[SUPPLIED RECORDS]

(* Lower bound for the minimax testing risk by Le Cam's mixture method.
   Given gamma with 0 <= gamma_j <= p_j, every sign vector e in {-1,1}^N
   yields an alternative q_e = p + e*gamma with ||p - q_e||_t = ||gamma||_t,
   hence admissible for every rho <= ||gamma||_t.  Any test psi then has
   risk >= P_p(psi = 1) + M(psi = 0) >= 1 - ||P_p - M||_1, where M is the
   uniform mixture of the P_{q_e}.  The L1 distance is controlled by the
   chi-square divergence, which for this mixture factorizes exactly:
     sum_x M(x)^2 / P_p(x) = prod_j ((1 + d_j)^n + (1 - d_j)^n) / 2,
   with d_j = gamma_j^2 / (p_j (1 - p_j)) <= 2 gamma_j^2 / p_j.
   A cosh-type bound on each factor turns the hypothesis
   sum_j gamma_j^4 / p_j^2 <= L / n^2 into chi^2 <= 16 L, so L = (1-eta)^2/16
   gives ||P_p - M||_1 <= 1 - eta and R*_rho >= eta. *)

Lemma sum_ffun_bool_prod (R : comNzRingType) (I : finType) (F : I -> bool -> R) :
  \sum_(f : {ffun I -> bool}) \prod_i F i (f i) = \prod_i (F i true + F i false).
Proof. by rewrite -bigA_distr_bigA; apply: eq_bigr => i _; rewrite big_bool. Qed.

Lemma sum2_ffun_bool_prod (R : comNzRingType) (I : finType)
    (F : I -> bool -> bool -> R) :
  \sum_(e : {ffun I -> bool}) \sum_(e' : {ffun I -> bool}) \prod_i F i (e i) (e' i) =
  \prod_i (F i true true + F i true false + (F i false true + F i false false)).
Proof.
rewrite (eq_bigr (fun e : {ffun I -> bool} =>
                   \prod_i (F i (e i) true + F i (e i) false))).
  exact: (@sum_ffun_bool_prod _ _ (fun i a => F i a true + F i a false)).
by move=> e _; rewrite (@sum_ffun_bool_prod _ _ (fun i b => F i (e i) b)).
Qed.

Lemma sum_sample_prod (R : comNzRingType) (N n : nat)
    (F : 'I_n -> 'I_N -> bool -> R) :
  \sum_(x : sample N n) \prod_l \prod_j F l j (x l j) =
  \prod_l \prod_j (F l j true + F l j false).
Proof.
rewrite -(bigA_distr_bigA (fun l (y : {ffun 'I_N -> bool}) => \prod_j F l j (y j))).
by apply: eq_bigr => l _; rewrite sum_ffun_bool_prod.
Qed.

Section ProductLaw.
Variables (R : realType) (N n : nat).

Lemma pmass_total (q : 'I_N -> R) : \sum_(x : sample N n) pmass q x = 1.
Proof.
rewrite /pmass (@sum_sample_prod _ _ _ (fun l j (b : bool) => if b then q j else 1 - q j)).
by rewrite big1 // => l _; rewrite big1 // => j _; rewrite subrKC.
Qed.

Lemma pmass_ge0 (q : 'I_N -> R) (x : sample N n) :
  (forall j, 0 <= q j <= 1) -> 0 <= pmass q x.
Proof.
move=> q01; apply: prodr_ge0 => l _; apply: prodr_ge0 => j _.
by have /andP[q0 q1] := q01 j; case: (x l j); rewrite ?subr_ge0.
Qed.

Lemma Prob_le1 (q : 'I_N -> R) (A : pred (sample N n)) :
  (forall j, 0 <= q j <= 1) -> Prob q A <= 1.
Proof.
move=> q01; rewrite /Prob -(pmass_total q) [leRHS](bigID A) /= lerDl.
by apply: sumr_ge0 => x _; apply: pmass_ge0.
Qed.

Lemma pmass_cross_sum (a b c : 'I_N -> R) :
  \sum_(x : sample N n) pmass a x * pmass b x / pmass c x =
  \prod_(l < n) \prod_(j < N)
     (a j * b j / c j + (1 - a j) * (1 - b j) / (1 - c j)).
Proof.
rewrite -(@sum_sample_prod _ _ _ (fun l j (s : bool) =>
   (if s then a j else 1 - a j) * (if s then b j else 1 - b j) /
   (if s then c j else 1 - c j))).
apply: eq_bigr => x _; rewrite /pmass -prodfV -!big_split /=.
by apply: eq_bigr => l _; rewrite -prodfV -!big_split.
Qed.

End ProductLaw.

Section ChiSquare.
(* A probability P on a finite set and a function Q absolutely continuous
   with respect to it; terms Q x / P x with P x = 0 are 0 on both sides. *)
Variables (R : realType) (T : finType) (P Q : T -> R).
Hypothesis P_ge0 : forall x, 0 <= P x.
Hypothesis P_sum1 : \sum_x P x = 1.
Hypothesis Q_ac : forall x, P x = 0 -> Q x = 0.

Lemma chi2_expand : \sum_x Q x = 1 ->
  \sum_x (P x - Q x) ^+ 2 / P x = \sum_x Q x ^+ 2 / P x - 1.
Proof.
move=> Q_sum1.
have -> : \sum_x (P x - Q x) ^+ 2 / P x =
          \sum_x (P x - 2 * Q x + Q x ^+ 2 / P x).
  apply: eq_bigr => x _; have [P0|P0] := eqVneq (P x) 0; last by field.
  by rewrite (Q_ac P0) P0 !(invr0, mulr0, subr0, addr0).
by rewrite !big_split /= P_sum1 sumrN -mulr_sumr Q_sum1; lra.
Qed.

Lemma L1_le_chi2 (lam : R) : 0 < lam ->
  \sum_x (P x - Q x) ^+ 2 / P x <= lam ^+ 2 -> \sum_x `|P x - Q x| <= lam.
Proof.
move=> lam0 chi2.
(* pointwise AM-GM: 2|d| <= lam P + d^2 / (lam P) *)
have amgm x : 2 * `|P x - Q x| <= lam * P x + lam^-1 * ((P x - Q x) ^+ 2 / P x).
  have [P0|P0] := eqVneq (P x) 0.
    by rewrite (Q_ac P0) P0 subrr normr0 !(mulr0, invr0, addr0).
  have a0 : 0 < lam * P x by rewrite mulr_gt0 // lt_def P0 P_ge0.
  set d := P x - Q x; set a := lam * P x.
  have -> : lam^-1 * (d ^+ 2 / P x) = `|d| ^+ 2 / a.
    by rewrite real_normK ?num_real // /a invfM; field; rewrite P0 gt_eqF.
  have : 0 <= (a - `|d|) ^+ 2 / a by rewrite divr_ge0 ?sqr_ge0 ?ltW.
  have -> : (a - `|d|) ^+ 2 / a = a + `|d| ^+ 2 / a - 2 * `|d| by field; rewrite gt_eqF.
  by rewrite subr_ge0.
have : \sum_x 2 * `|P x - Q x| <=
        \sum_x (lam * P x + lam^-1 * ((P x - Q x) ^+ 2 / P x)).
  by apply: ler_sum => x _; exact: amgm.
rewrite -mulr_sumr big_split /= -!mulr_sumr P_sum1 mulr1.
have : lam^-1 * \sum_x (P x - Q x) ^+ 2 / P x <= lam.
  by rewrite ler_pdivrMl // -expr2.
lra.
Qed.

End ChiSquare.

Lemma prod_1p_le (R : realFieldType) (I : Type) (r : seq I) (a : I -> R) :
  (forall i, 0 <= a i) -> \sum_(i <- r) a i <= 1/2 ->
  \prod_(i <- r) (1 + a i) <= 1 + 2 * \sum_(i <- r) a i.
Proof.
move=> a0; elim: r => [|i r IH]; first by rewrite !big_nil; lra.
rewrite !big_cons => sum_le.
have s0 : 0 <= \sum_(j <- r) a j by rewrite sumr_ge0.
have ai0 := a0 i.
apply: le_trans (_ : (1 + a i) * (1 + 2 * \sum_(j <- r) a j) <= _).
  by rewrite ler_wpM2l ?IH //; lra.
nra.
Qed.

(* Cosh/sinh-type bounds: if (n d)^2 <= 1/2 then for all k <= n the even part
   ((1+d)^k + (1-d)^k)/2 is at most 1 + 2 (k d)^2; the bound on the odd part
   ((1+d)^k - (1-d)^k)/2 <= 2 k d is the companion invariant of the induction. *)
Lemma pow_even_odd_bound (R : realFieldType) (n : nat) (d : R) :
  0 <= d -> (n%:R * d) ^+ 2 <= 1/2 ->
  forall k, (k <= n)%N ->
    ((1 + d) ^+ k + (1 - d) ^+ k) / 2 <= 1 + 2 * (k%:R * d) ^+ 2 /\
    ((1 + d) ^+ k - (1 - d) ^+ k) / 2 <= 2 * (k%:R * d).
Proof.
move=> d0 nd_le; elim=> [|k IH] lt_kn; first by rewrite !expr0 mul0r; split; lra.
have [IHeven IHodd] := IH (ltnW lt_kn).
have kd_le : (k%:R * d) ^+ 2 <= 1/2.
  apply: le_trans nd_le; rewrite ler_sqr ?nnegrE ?mulr_ge0 ?ler0n //.
  by rewrite ler_wpM2r // ler_nat ltnW.
set A := (1 + d) ^+ k in IHeven IHodd *; set B := (1 - d) ^+ k in IHeven IHodd *.
set u := k%:R * d in IHeven IHodd kd_le *.
have -> : k.+1%:R * d = u + d by rewrite /u -addn1 natrD mulrDl mul1r.
rewrite !exprS -/A -/B.
have u0 : 0 <= u by rewrite mulr_ge0 ?ler0n.
split; nra.
Qed.

Definition sign (R : pzRingType) (b : bool) : R := if b then 1 else -1.

(* One-coordinate chi-square cross term of two sign perturbations of p:
   E_p[(q_a / p)(q_b / p)] for Bernoulli laws q_s = p + sign(s) g. *)
Lemma sign_cross_coord (R : realFieldType) (p g : R) (a b : bool) :
  0 <= g <= p -> p <= 1/2 ->
  (p + sign R a * g) * (p + sign R b * g) / p +
  (1 - (p + sign R a * g)) * (1 - (p + sign R b * g)) / (1 - p) =
  1 + sign R a * sign R b * (g ^+ 2 / (p * (1 - p))).
Proof.
move=> /andP[g0 gp] p_le.
have [p0|p0] := eqVneq p 0.
  have g0' : g = 0 by apply/eqP; rewrite eq_le g0 -p0 gp.
  by rewrite p0 g0' !(mulr0, addr0, mul0r, invr0, subr0, divr1, mulr1) add0r.
have q0 : 1 - p != 0 by apply/eqP => h; lra.
by rewrite /sign; case: a; case: b; field; rewrite q0 p0.
Qed.

Section Mixture.
Variables (R : realType) (N n : nat) (p g : 'I_N -> R).
Hypothesis p_range : forall j, 0 <= p j <= 1/2.
Hypothesis g_range : forall j, 0 <= g j <= p j.

Definition perturb (e : {ffun 'I_N -> bool}) : 'I_N -> R :=
  fun j => p j + sign R (e j) * g j.

Definition mixture (x : sample N n) : R :=
  (2^-1) ^+ N * \sum_(e : {ffun 'I_N -> bool}) pmass (perturb e) x.

Definition delta (j : 'I_N) : R := g j ^+ 2 / (p j * (1 - p j)).

Lemma perturb_range e j : 0 <= perturb e j <= 1.
Proof.
have /andP[g0 gp] := g_range j; have /andP[p0 p_le] := p_range j.
by rewrite /perturb /sign; case: (e j); apply/andP; split; lra.
Qed.

Lemma lnorm_perturb (t : R) e : lnorm t (fun j => p j - perturb e j) = lnorm t g.
Proof.
rewrite /lnorm; congr (_ `^ _); apply: eq_bigr => j _; congr (_ `^ _).
have /andP[g0 _] := g_range j.
rewrite /perturb opprD addNKr normrN normrM (ger0_norm g0).
by rewrite /sign; case: (e j); rewrite ?normrN normr1 mul1r.
Qed.

(* Where P_p vanishes, so does each P_{q_e}: coordinates with p_j = 0 are
   unperturbed, since then g_j = 0. *)
Lemma perturb_abscont e (x : sample N n) :
  pmass p x = 0 -> pmass (perturb e) x = 0.
Proof.
move=> /eqP /prodf_eq0 [l _] /prodf_eq0 [j _] xj0.
apply/eqP/prodf_eq0; exists l => //; apply/prodf_eq0; exists j => //.
have /andP[g0 gp] := g_range j; have /andP[p0 p_le] := p_range j.
move: xj0; rewrite /perturb /sign; case: (x l j) => /eqP xj0; last lra.
have -> : g j = 0 by lra.
by rewrite mulr0 addr0 xj0.
Qed.

Lemma mixture_Prob (A : pred (sample N n)) :
  \sum_(x | A x) mixture x =
  (2^-1) ^+ N * \sum_(e : {ffun 'I_N -> bool}) Prob (perturb e) A.
Proof. by rewrite -mulr_sumr exchange_big. Qed.

Lemma sign_average_const (c : R) :
  (2^-1) ^+ N * \sum_(e : {ffun 'I_N -> bool}) c = c.
Proof.
rewrite sumr_const card_ffun card_bool card_ord -[c *+ _]mulr_natr mulrCA natrX.
by rewrite -exprMn mulVf ?pnatr_eq0 // expr1n mulr1.
Qed.

Lemma sign_average_le (a : {ffun 'I_N -> bool} -> R) (B : R) :
  (forall e, a e <= B) -> (2^-1) ^+ N * \sum_e a e <= B.
Proof.
move=> a_le; rewrite -[leRHS]sign_average_const.
by rewrite ler_wpM2l ?exprn_ge0 ?invr_ge0 ?ler0n //; apply: ler_sum.
Qed.

Lemma mixture_total : \sum_(x : sample N n) mixture x = 1.
Proof.
rewrite (mixture_Prob xpredT) -[RHS](sign_average_const 1).
by congr (_ * _); apply: eq_bigr => e _; exact: pmass_total.
Qed.

Lemma mixture_abscont x : pmass p x = 0 -> mixture x = 0.
Proof. by move=> px0; rewrite /mixture big1 ?mulr0 // => e _; exact: perturb_abscont. Qed.

Lemma perturb_cross_sum e e' :
  \sum_(x : sample N n) pmass (perturb e) x * pmass (perturb e') x / pmass p x =
  \prod_(j < N) (1 + sign R (e j) * sign R (e' j) * delta j) ^+ n.
Proof.
rewrite pmass_cross_sum exchange_big /=; apply: eq_bigr => j _.
rewrite -[n in RHS]card_ord -prodr_const; apply: eq_bigr => l _.
by rewrite sign_cross_coord //; case/andP: (p_range j).
Qed.

Lemma mixture_sq_div (x : sample N n) :
  mixture x ^+ 2 / pmass p x =
  (4^-1) ^+ N * \sum_(e : {ffun 'I_N -> bool}) \sum_(e' : {ffun 'I_N -> bool})
     pmass (perturb e) x * pmass (perturb e') x / pmass p x.
Proof.
rewrite /mixture expr2 mulrACA -exprMn -mulrA; congr (_ ^+ _ * _); first by field.
rewrite !mulr_suml; apply: eq_bigr => e _.
by rewrite mulr_sumr mulr_suml.
Qed.

Lemma mixture_chi2 :
  \sum_(x : sample N n) mixture x ^+ 2 / pmass p x =
  \prod_(j < N) (((1 + delta j) ^+ n + (1 - delta j) ^+ n) / 2).
Proof.
rewrite (eq_bigr _ (fun x _ => mixture_sq_div x)) -mulr_sumr exchange_big /=.
under eq_bigr do rewrite exchange_big /=.
under eq_bigr do under eq_bigr do rewrite perturb_cross_sum.
rewrite (@sum2_ffun_bool_prod _ _
  (fun j a b => (1 + sign R a * sign R b * delta j) ^+ n)).
rewrite -[N in (_ ^+ N * _)]card_ord -prodr_const -big_split /=.
apply: eq_bigr => j _; rewrite /sign !(mulr1, mul1r, mulrN1, mulN1r, opprK).
by field.
Qed.

Lemma delta_ge0 j : 0 <= delta j.
Proof.
have /andP[p0 p_le] := p_range j.
by rewrite divr_ge0 ?sqr_ge0 // mulr_ge0 //; lra.
Qed.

[TASK DESCRIPTION] Where the string "IHodd" turns up in a line of the data above, copy that whole line.

[SOLUTION FOR THIS PROBLEM]
have [IHeven IHodd] := IH (ltnW lt_kn).
set A := (1 + d) ^+ k in IHeven IHodd *; set B := (1 - d) ^+ k in IHeven IHodd *.
set u := k%:R * d in IHeven IHodd kd_le *.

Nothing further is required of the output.